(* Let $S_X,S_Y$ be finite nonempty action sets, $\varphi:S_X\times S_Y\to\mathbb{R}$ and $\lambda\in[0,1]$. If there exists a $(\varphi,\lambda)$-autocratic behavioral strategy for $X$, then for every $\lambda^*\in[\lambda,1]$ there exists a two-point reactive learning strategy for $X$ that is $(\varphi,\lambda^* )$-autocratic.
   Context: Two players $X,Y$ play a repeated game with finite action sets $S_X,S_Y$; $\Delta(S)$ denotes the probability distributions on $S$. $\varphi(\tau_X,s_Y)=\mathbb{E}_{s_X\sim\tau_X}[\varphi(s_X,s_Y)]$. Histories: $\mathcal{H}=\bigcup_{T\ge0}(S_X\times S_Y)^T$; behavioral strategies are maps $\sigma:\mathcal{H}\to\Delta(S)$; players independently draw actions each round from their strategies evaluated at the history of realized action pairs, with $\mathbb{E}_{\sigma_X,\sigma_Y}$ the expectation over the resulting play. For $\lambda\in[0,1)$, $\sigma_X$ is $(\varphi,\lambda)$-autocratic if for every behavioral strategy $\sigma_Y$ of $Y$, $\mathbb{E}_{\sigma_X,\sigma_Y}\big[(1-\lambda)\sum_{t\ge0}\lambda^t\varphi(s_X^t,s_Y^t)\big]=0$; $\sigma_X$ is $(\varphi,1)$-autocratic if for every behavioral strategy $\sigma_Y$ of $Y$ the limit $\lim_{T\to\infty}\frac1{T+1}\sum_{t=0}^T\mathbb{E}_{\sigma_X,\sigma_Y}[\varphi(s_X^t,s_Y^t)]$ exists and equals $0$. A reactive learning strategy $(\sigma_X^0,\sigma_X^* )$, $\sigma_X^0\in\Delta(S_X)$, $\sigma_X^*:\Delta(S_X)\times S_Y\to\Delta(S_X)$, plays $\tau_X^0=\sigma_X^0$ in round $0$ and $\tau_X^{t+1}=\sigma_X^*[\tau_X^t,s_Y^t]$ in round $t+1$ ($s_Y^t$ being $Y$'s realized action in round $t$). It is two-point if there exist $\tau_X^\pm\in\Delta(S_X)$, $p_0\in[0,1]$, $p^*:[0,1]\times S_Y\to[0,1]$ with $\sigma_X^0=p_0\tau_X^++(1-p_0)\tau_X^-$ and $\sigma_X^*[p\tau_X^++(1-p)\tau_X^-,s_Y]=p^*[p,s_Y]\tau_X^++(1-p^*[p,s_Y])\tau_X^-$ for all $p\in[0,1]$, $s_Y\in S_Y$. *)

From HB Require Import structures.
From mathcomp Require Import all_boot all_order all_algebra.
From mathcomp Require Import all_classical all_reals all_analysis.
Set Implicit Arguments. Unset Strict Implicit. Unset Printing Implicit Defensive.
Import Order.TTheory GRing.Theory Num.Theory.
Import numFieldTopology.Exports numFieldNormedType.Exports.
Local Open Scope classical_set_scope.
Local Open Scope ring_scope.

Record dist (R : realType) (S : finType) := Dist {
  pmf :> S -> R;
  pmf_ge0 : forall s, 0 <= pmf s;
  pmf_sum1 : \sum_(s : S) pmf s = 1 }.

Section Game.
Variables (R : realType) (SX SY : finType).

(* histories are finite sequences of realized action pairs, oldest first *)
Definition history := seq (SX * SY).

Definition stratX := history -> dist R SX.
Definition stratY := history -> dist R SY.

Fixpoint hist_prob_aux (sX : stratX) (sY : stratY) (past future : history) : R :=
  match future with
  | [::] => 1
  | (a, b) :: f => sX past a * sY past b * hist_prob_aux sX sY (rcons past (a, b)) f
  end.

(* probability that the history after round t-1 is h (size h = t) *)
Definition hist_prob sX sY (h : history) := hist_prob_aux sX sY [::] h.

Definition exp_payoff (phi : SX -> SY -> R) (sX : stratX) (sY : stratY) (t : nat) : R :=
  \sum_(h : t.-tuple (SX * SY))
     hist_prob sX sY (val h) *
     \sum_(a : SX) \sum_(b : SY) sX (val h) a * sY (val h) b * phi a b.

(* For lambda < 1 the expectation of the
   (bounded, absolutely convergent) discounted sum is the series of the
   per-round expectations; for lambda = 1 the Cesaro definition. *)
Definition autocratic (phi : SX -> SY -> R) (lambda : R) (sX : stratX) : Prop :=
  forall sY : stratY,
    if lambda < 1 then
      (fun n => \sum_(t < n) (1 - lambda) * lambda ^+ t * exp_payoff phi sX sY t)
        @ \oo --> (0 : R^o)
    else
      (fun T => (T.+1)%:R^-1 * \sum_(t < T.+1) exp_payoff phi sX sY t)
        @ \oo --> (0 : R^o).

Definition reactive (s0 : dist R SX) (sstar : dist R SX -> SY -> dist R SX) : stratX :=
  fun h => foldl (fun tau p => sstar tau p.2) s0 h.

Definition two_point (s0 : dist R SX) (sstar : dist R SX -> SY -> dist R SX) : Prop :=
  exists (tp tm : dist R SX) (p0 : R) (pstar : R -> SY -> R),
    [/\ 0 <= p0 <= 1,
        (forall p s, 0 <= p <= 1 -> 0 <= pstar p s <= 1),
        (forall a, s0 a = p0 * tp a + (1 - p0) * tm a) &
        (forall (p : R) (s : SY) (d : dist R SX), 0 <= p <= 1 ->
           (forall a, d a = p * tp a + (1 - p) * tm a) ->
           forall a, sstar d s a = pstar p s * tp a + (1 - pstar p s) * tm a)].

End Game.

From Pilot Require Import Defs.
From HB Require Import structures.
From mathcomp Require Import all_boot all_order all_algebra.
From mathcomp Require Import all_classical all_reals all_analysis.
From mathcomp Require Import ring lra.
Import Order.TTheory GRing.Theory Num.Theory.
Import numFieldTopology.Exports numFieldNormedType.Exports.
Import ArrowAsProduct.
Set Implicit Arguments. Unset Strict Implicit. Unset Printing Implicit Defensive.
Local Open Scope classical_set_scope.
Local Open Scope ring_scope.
==========
### AIM OF THE EXERCISE:
Read the entries above, then pull out the lines that include "forall".

### REPLY TO THE EXERCISE:
  pmf_ge0 : forall s, 0 <= pmf s;
  forall sY : stratY,
        (forall p s, 0 <= p <= 1 -> 0 <= pstar p s <= 1),
        (forall a, s0 a = p0 * tp a + (1 - p0) * tm a) &
        (forall (p : R) (s : SY) (d : dist R SX), 0 <= p <= 1 ->
           (forall a, d a = p * tp a + (1 - p) * tm a) ->
           forall a, sstar d s a = pstar p s * tp a + (1 - pstar p s) * tm a)].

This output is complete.